Sunday 28 February 2010

Oh, Salem

The relationship between the witch and the western world has changed considerably over the last fifty or sixty years. There is still a tendency sometimes to fall back on the old stereotype of the wizened and wart-bedecked crone - enveloped in black, committing the unspeakable, and denying the true God - but it’s becoming rarer. We have now moved away from invoking the alleged commandment that ‘thou shalt not suffer a witch to live.’ We are much more tolerant these days; we don’t execute them any more.

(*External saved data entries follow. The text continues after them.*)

Lemma sweep_missed (W : {set word}) : {in W &, forall y y', hamming y y' != 1} ->
  forall c, ~ (exists2 y, y \in W & c = cfg_of_word y) ->
  exists2 r, r \in sweep W & ~~ serves c r.
Proof.
move=> no_adjacent c not_word.
have missed (y : word) : (forall i, (c i : nat) != ~~ y i) -> y \notin W ->
    exists2 r, r \in sweep W & ~~ serves c r.
  move=> avoid yW; exists (cfg_of_word (flip y)); first by apply: map_f; rewrite mem_enum inE.
  by rewrite /serves negb_exists; apply/forallP => i; rewrite -val_eqE /= ffunE avoid.
(* Round [c] to the binary word [y0]; if [c] is not binary, also to [y1], which
   differs from [y0] at a coordinate where [c] is at neither 0 nor 1.  The
   configuration [c] misses the requests of both, and they are not both in [W]. *)
pose y0 : word := [ffun i => c i == 1 :> nat].
have avoid0 i : (c i : nat) != ~~ y0 i by rewrite ffunE; case: (c i) => -[|[|m]].
have [binary|] := boolP [forall i, c i < 2].
  apply: (missed y0) => //; apply/negP => y0W; apply: not_word; exists y0 => //.
  apply: functional_extensionality_dep => i; apply: val_inj => /=; rewrite ffunE.
  by move/forallP: binary => /(_ i); case: (c i) => -[|[|m]].
rewrite negb_forall => /existsP [i0]; rewrite -leqNgt => c_i0_ge2.
pose y1 : word := [ffun i => (i == i0) || (c i == 1 :> nat)].
have avoid1 i : (c i : nat) != ~~ y1 i.
  rewrite ffunE; have [->|_] := eqVneq i i0; last by case: (c i) => -[|[|m]].
  by move: c_i0_ge2; case: (c i0) => -[|[|m]].
have hamming01 : hamming y0 y1 = 1.
  rewrite /hamming (bigD1 i0) //= big1 => [|i neq_i]; last by rewrite !ffunE (negbTE neq_i) /= eqxx.
  by rewrite !ffunE eqxx; move: c_i0_ge2; case: (c i0) => -[|[|m]].
have [y0W|] := boolP (y0 \in W); last exact: missed.
have [y1W|] := boolP (y1 \in W); last exact: missed.
by move: (no_adjacent _ _ y0W y1W); rewrite hamming01.
Qed.

Lemma sweep_served (W : {set word}) y :
  y \in W -> forall r, r \in sweep W -> serves (cfg_of_word y) r.
Proof.
move=> yW r /mapP [y']; rewrite mem_enum => y'W ->.
have : y' != y by apply: contraTneq y'W => ->; rewrite inE yW.
case/eqP/ffunP/existsNP => i /eqP neq_i; apply/existsP; exists i.
by rewrite -val_eqE /= ffunE; move: neq_i; case: (y i); case: (y' i).
Qed.

End WordConfigurations.

Fixpoint bitstrings (m : nat) : seq (seq bool) :=
  if m is m'.+1 then [seq rcons t x | t <- bitstrings m', x <- [:: false; true]] else [:: [::]].

Lemma size_bitstrings m : size (bitstrings m) = 2 ^ m.
Proof. by elim: m => // m IHm; rewrite size_allpairs IHm expnSr. Qed.

Lemma size_in_bitstrings m t : t \in bitstrings m -> size t = m.
Proof.
elim: m t => [|m IHm] t; first by rewrite inE => /eqP ->.
by move=> /allpairsP [[u x] /= [/IHm <- _ ->]]; rewrite size_rcons.
Qed.

Lemma big_bitstringsS (F : seq bool -> nat) m :
  \sum_(t <- bitstrings m.+1) F t = \sum_(t <- bitstrings m) (F (rcons t false) + F (rcons t true)).
Proof. by rewrite big_allpairs_dep; apply: eq_bigr => t _; rewrite big_cons big_seq1. Qed.

Section Adversary.
Variables (k : nat) (n : 'I_k -> nat) (two_le_n : forall i, 2 <= n i).
Variables (b : nat) (enc : {ffun 'I_b -> bool} -> {ffun 'I_k -> bool}) (D : nat).

Definition extends (p : seq bool) (v : {ffun 'I_b -> bool}) : bool :=
  [forall i : 'I_b, (i < size p) ==> (v i == nth false p i)].

Definition codewords_extending (p : seq bool) : {set {ffun 'I_k -> bool}} :=
  enc @: [set v | extends p v].

(* Bit [j] of [t] is bit [j %% b] of the message of phase [j %/ b];
   [phase_prefix t] holds the bits of the current phase revealed so far. *)
Definition phase_prefix (t : seq bool) : seq bool := drop (b * (size t %/ b)) t.

Definition block (t : seq bool) (x : bool) : seq (cfg n) :=
  flatten (nseq D (sweep two_le_n (codewords_extending (rcons (phase_prefix t) x)))).

Definition adversary (t : seq bool) : seq (cfg n) :=
  flatten [seq block (take j t) (nth false t j) | j <- iota 0 (size t)].

Lemma adversary_rcons t x : adversary (rcons t x) = adversary t ++ block t x.
Proof.
rewrite /adversary size_rcons -addn1 iotaD map_cat flatten_cat /= cats0 add0n.
rewrite -cats1 take_cat_le // take_size cats1 nth_rcons ltnn eqxx; congr (_ ++ _).
congr flatten; apply/eq_in_map => j; rewrite mem_iota add0n => /andP [_ lt_j].
by rewrite -cats1 take_cat_le ?(ltnW lt_j) // cats1 nth_rcons lt_j.
Qed.

End Adversary.

Section OnlineLowerBound.
Variables (k : nat) (n : 'I_k -> nat) (two_le_n : forall i, 2 <= n i).
Variables (b : nat) (enc : {ffun 'I_b -> bool} -> {ffun 'I_k -> bool}) (D : nat).
Hypothesis enc_dist : min_distance_ge D enc.
Hypothesis D_gt1_or_b1 : (1 < D) || (b == 1).
Hypothesis b_gt0 : 0 < b.
Variables (start : cfg n) (A : online_alg n).
Hypothesis A_valid : valid_alg A.

Local Notation codewords_extending := (codewords_extending enc).
Local Notation block := (block two_le_n enc D).
Local Notation adversary := (adversary two_le_n enc D).
Local Notation phase_prefix := (phase_prefix b).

And yet there are still places in the west where followers of any pagan tradition, but especially those who call themselves Wiccan, continue to be reviled and ostracised. The religious fundamentalists continue to peddle the lie that Wiccans worship Satan, and they claim that the general tolerance towards paganism is one more symptom of the western world’s descent into ungodly decadence. In saying this, what they are actually doing is distorting the facts to suit their own prejudices. That’s what fundamentalists do.

For it does seem to be an inescapable truth that decadence is now running rampant in the ‘developed’ world; but it isn’t being driven by the growing acceptance of alternative spiritual roads. It’s being driven by the big money interests of global capitalism. It is true, I’m sure, that part of the reason why paganism is tolerated is that a high percentage of people simply don’t care any more. We have developed a highly materialistic society, and materialism has no place for spiritual searching. Any nod of acceptance towards ‘spirituality’ is confined to the harmless dogma and superficial practices of the regular churchgoer.

But there’s another, much better, reason for that growing tolerance. Increasing numbers of people are searching for some meaning beyond the material. Unfortunately, the New Age movement has attracted its own set of commercial hangers-on, but there is a core of real substance within it, and that core is moving us towards a more enlightened future. Or so I fervently hope.

I’m not a pagan; I’m not an anything; I’m not even an atheist. But I have encountered a fair few pagans in my time, and I’ve found them to be among the best of people. They are far more likely to honour and nurture ‘God’s creations’ than the fundamentalists are; and they usually embody more ‘Christian values’ than a good many Christians I’ve known.